Cela dit, la confiance des PME reste dans une bande de fluctuation assez basse depuis deux ans à cause des perspectives de ventes incertaines, des conditions de financement restrictives et de l’inflation encore trop élevée. En effet, les tensions sur les salaires, les prix et l’emploi refluent bien par rapport aux deux dernières années, mais elles restent encore assez élevées. Par exemple, 21 % des entreprises indiquent encore que l’inflation est leur principal problème, ce qui est la part la plus basse depuis 2021, mais encore un niveau que l’on n’avait pas vu depuis le début des années 1980. Pour la Fed, cela suggère que la tendance à la désinflation continue, mais qu’elle est toujours lente.
Le président de la Fed, Jerome Powell, a adopté une position assez équilibrée durant sa déposition biannuelle devant le Congrès hier. Cela suggère qu’une baisse de taux dès ce mois-ci est peu probable, mais qu’une baisse en septembre est bien d'actualité, ce qui correspond à notre scénario. Le marché anticipe désormais exactement deux baisses de taux d’ici la fin de l’année, ce qui nous semble raisonnable.

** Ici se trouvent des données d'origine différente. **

Lemma mean_pairs_dist (R : numFieldType) (I J : eqType) (S : seq I) (T : seq J)
    (h : I -> J -> R) (g : I -> R) (e : R) :
  (0 < size S)%N -> (0 < size T)%N ->
  (forall x t, x \in S -> t \in T -> `|h x t - g x| <= e) ->
  `|(size S * size T)%:R^-1 * \sum_(x <- S) \sum_(t <- T) h x t
    - (size S)%:R^-1 * \sum_(x <- S) g x| <= e.
Proof.
move=> S_gt0 T_gt0 hg.
have sS : (size S)%:R != 0 :> R by rewrite pnatr_eq0 -lt0n.
have sT : (size T)%:R != 0 :> R by rewrite pnatr_eq0 -lt0n.
have c_ge0 : 0 <= (size S * size T)%:R^-1 :> R by rewrite invr_ge0 ler0n.
have -> : (size S)%:R^-1 * \sum_(x <- S) g x =
          (size S * size T)%:R^-1 * \sum_(x <- S) \sum_(t <- T) g x.
  under [in RHS]eq_bigr do rewrite sum_const_seq.
  by rewrite -mulr_sumr natrM; field; apply/andP.
rewrite -mulrBr -sumrB normrM ger0_norm //.
apply: le_trans (_ : _ * \sum_(x <- S) \sum_(t <- T) e <= _).
  apply: ler_wpM2l => //; apply: le_trans (ler_norm_sum _ _ _) _.
  rewrite big_seq [X in _ <= X]big_seq; apply: ler_sum => x xS.
  rewrite -sumrB; apply: le_trans (ler_norm_sum _ _ _) _.
  by rewrite big_seq [X in _ <= X]big_seq; apply: ler_sum => t tT; apply: hg.
under eq_bigr do rewrite sum_const_seq.
by rewrite sum_const_seq natrM [X in _ * X]mulrA mulKf ?mulf_neq0.
Qed.

Lemma cvg_dist_le (R : realType) (u : R^nat) (L c e : R) :
  u @ \oo --> L -> (\forall n \near \oo, `|u n - c| <= e) -> `|L - c| <= e.
Proof.
move=> uL ue.
have dist_cvg : (fun n => `|u n - c|) @ \oo --> `|L - c|.
  exact: cvg_norm (cvgB uL (cvg_cst c)).
rewrite -(cvg_lim _ dist_cvg) //; apply: limr_le ue.
by apply/cvg_ex; exists `|L - c|.
Qed.
(* Let $d\geq 0$ be an integer. Every $d$-degenerate graph $G$ with $n\geq d$ vertices satisfies $c(G)\leq 2^d(n-d+1)$.
   Context: All graphs are finite, simple and undirected. A graph $G$ is $d$-degenerate if every subgraph of $G$ has a vertex of degree at most $d$. A clique of a graph $G$ is a (possibly empty) set of pairwise adjacent vertices; $c(G)$ denotes the number of cliques of $G$ (including the empty clique, all single vertices and all edges). *)

From mathcomp Require Import all_boot all_order.
Set Implicit Arguments. Unset Strict Implicit. Unset Printing Implicit Defensive.

Definition simple_graph (T : finType) (e : rel T) : Prop :=
  symmetric e /\ irreflexive e.

Definition degenerate (T : finType) (e : rel T) (d : nat) : Prop :=
  forall (S : {set T}) (f : rel T),
    S != set0 -> (forall x y, f x y -> e x y) ->
    exists2 v, v \in S & #|[set u in S | f v u]| <= d.

Definition is_clique (T : finType) (e : rel T) (K : {set T}) : bool :=
  [forall x in K, forall y in K, (x != y) ==> e x y].

(* c(G): the number of cliques (including the empty one). *)
Definition num_cliques (T : finType) (e : rel T) : nat :=
  #|[set K : {set T} | is_clique e K]|.

From mathcomp Require Import all_boot all_order.
From mathcomp Require Import zify.

(* Delete a vertex v of minimum degree (at most d). Cliques avoiding v are
   cliques of G - v; a clique through v is v together with a subset of its
   at most d neighbours, so there are at most 2^d of them. Induction down to
   d vertices, where the trivial bound 2^d applies, gives 2^d (n - d + 1). *)

Section CliquesIn.
Variables (T : finType) (e : rel T).

Definition cliques_in (S : {set T}) : {set {set T}} :=
  [set K : {set T} | (K \subset S) && is_clique e K].

Lemma num_cliquesE : num_cliques e = #|cliques_in setT|.
Proof. by apply: eq_card => K; rewrite !inE subsetT. Qed.

Lemma card_cliques_in_exp (S : {set T}) : #|cliques_in S| <= 2 ^ #|S|.
Proof.
rewrite -card_powerset; apply: subset_leq_card; apply/subsetP => K.
by rewrite !inE => /andP[].
Qed.

Lemma card_cliques_in_avoiding (S : {set T}) (v : T) :
  #|[set K in cliques_in S | v \notin K]| <= #|cliques_in (S :\ v)|.
Proof.
apply: subset_leq_card; apply/subsetP => K.
rewrite !inE => /andP[/andP[KS ->] vK]; rewrite andbT.
apply/subsetP => x xK; rewrite !inE (subsetP KS) // andbT.
by apply: contraNneq vK => <-.
Qed.

Lemma card_cliques_in_through (S : {set T}) (v : T) :
  #|[set K in cliques_in S | v \in K]| <= 2 ^ #|[set u in S | e v u]|.
Proof.
set A := [set K in _ | _].
have delv_inj : {in A &, injective (fun K => K :\ v)}.
  move=> K1 K2; rewrite !inE => /andP[_ v1] /andP[_ v2] E.
  by rewrite -(setD1K v1) -(setD1K v2) E.
rewrite -card_powerset -(card_in_imset delv_inj).
apply: subset_leq_card; apply/subsetP => _ /imsetP[K KA ->].
move: KA; rewrite !inE => /andP[/andP[KS Kc] vK].
apply/subsetP => x; rewrite !inE => /andP[xv xK].
rewrite (subsetP KS) //=.
by move/forall_inP: Kc => /(_ v vK) /forall_inP /(_ x xK); rewrite eq_sym xv.
Qed.

Lemma card_cliques_in_delete (S : {set T}) (v : T) :
  #|cliques_in S| <= #|cliques_in (S :\ v)| + 2 ^ #|[set u in S | e v u]|.
Proof.
rewrite -(cardsID [set K : {set T} | v \in K] (cliques_in S)) addnC.
apply: leq_add.
- apply: leq_trans (card_cliques_in_avoiding S v).
  by apply/eq_leq/eq_card => K; rewrite !inE andbC.
- apply: leq_trans (card_cliques_in_through S v).
  by apply/eq_leq/eq_card => K; rewrite !inE andbC.
Qed.

Lemma card_cliques_in_degenerate (d : nat) (S : {set T}) :
  degenerate e d -> d <= #|S| -> #|cliques_in S| <= 2 ^ d * (#|S| - d + 1).
Proof.
move=> Hd; move: {2}#|S| (erefl #|S|) => n; elim: n S => [|n IH] S cS dn.
  by move: (card_cliques_in_exp S); rewrite cS; have -> : d = 0 by lia.
have [-> | dn'] := eqVneq d n.+1.
  by rewrite cS subnn muln1 -cS; apply: card_cliques_in_exp.
have S0 : S != set0 by apply: contra_eq_neq cS => ->; rewrite cards0.
have [v vS deg_v] := Hd S e S0 (fun _ _ h => h).
have cSv : #|S :\ v| = n by move: (cardsD1 v S); rewrite vS cS; lia.
have dSv : d <= #|S :\ v| by rewrite cSv; lia.
have IHv := IH _ cSv dSv.
have nbhd_bound : 2 ^ #|[set u in S | e v u]| <= 2 ^ d by rewrite leq_exp2l.
have := card_cliques_in_delete S v.
rewrite cS cSv in IHv *.
have -> : n.+1 - d + 1 = (n - d + 1).+1 by lia.
rewrite mulnS; lia.
Qed.

End CliquesIn.

Theorem proposition2 (d : nat) (T : finType) (e : rel T) :
  simple_graph e -> degenerate e d -> d <= #|T| ->
  num_cliques e <= 2 ^ d * (#|T| - d + 1).
Proof.
move=> _ Hd dT; rewrite num_cliquesE -cardsT.
by apply: card_cliques_in_degenerate; rewrite // cardsT.
Qed.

Bien sûr, les dernières données – le ralentissement plus net de l’inflation en mai et la hausse du taux de chômage au-dessus de 4% en juin – rapproche la Fed d’une baisse de taux. Ainsi, Powell a noté que la désinflation avait enfin fait quelques progrès supplémentaires dernièrement et que le marché du travail était « fort, mais plus en surchauffe ». Dès lors, « L’inflation n’est plus le seul risque auquel nous faisons face », a affirmé Powell. Donc, s’il existe un risque pour l’inflation à baisser les taux trop tôt ou trop fort, il existe aussi un risque pour l’emploi à les baisser trop tard ou trop peu.
Cela dit, Powell a précisé que « d’autres données favorables » sur la désinflation renforceraient la confiance de la Fed dans le fait que l’inflation évolue durablement vers la cible de 2%. Cela implique que la Fed n’est pas encore suffisamment confiante dans la désinflation, ce qui est le critère qu’elle s’est fixé pour commencer à baisser ses taux. Aussi, il a souligné que « les risques entre les objectifs d’emploi et d’inflation deviennent mieux équilibrés », pas qu’ils sont enfin équilibrés. Au total, il semble que la Fed ait besoin d’encore un peu de temps et de quelques données favorables pour commencer à baisser ses taux.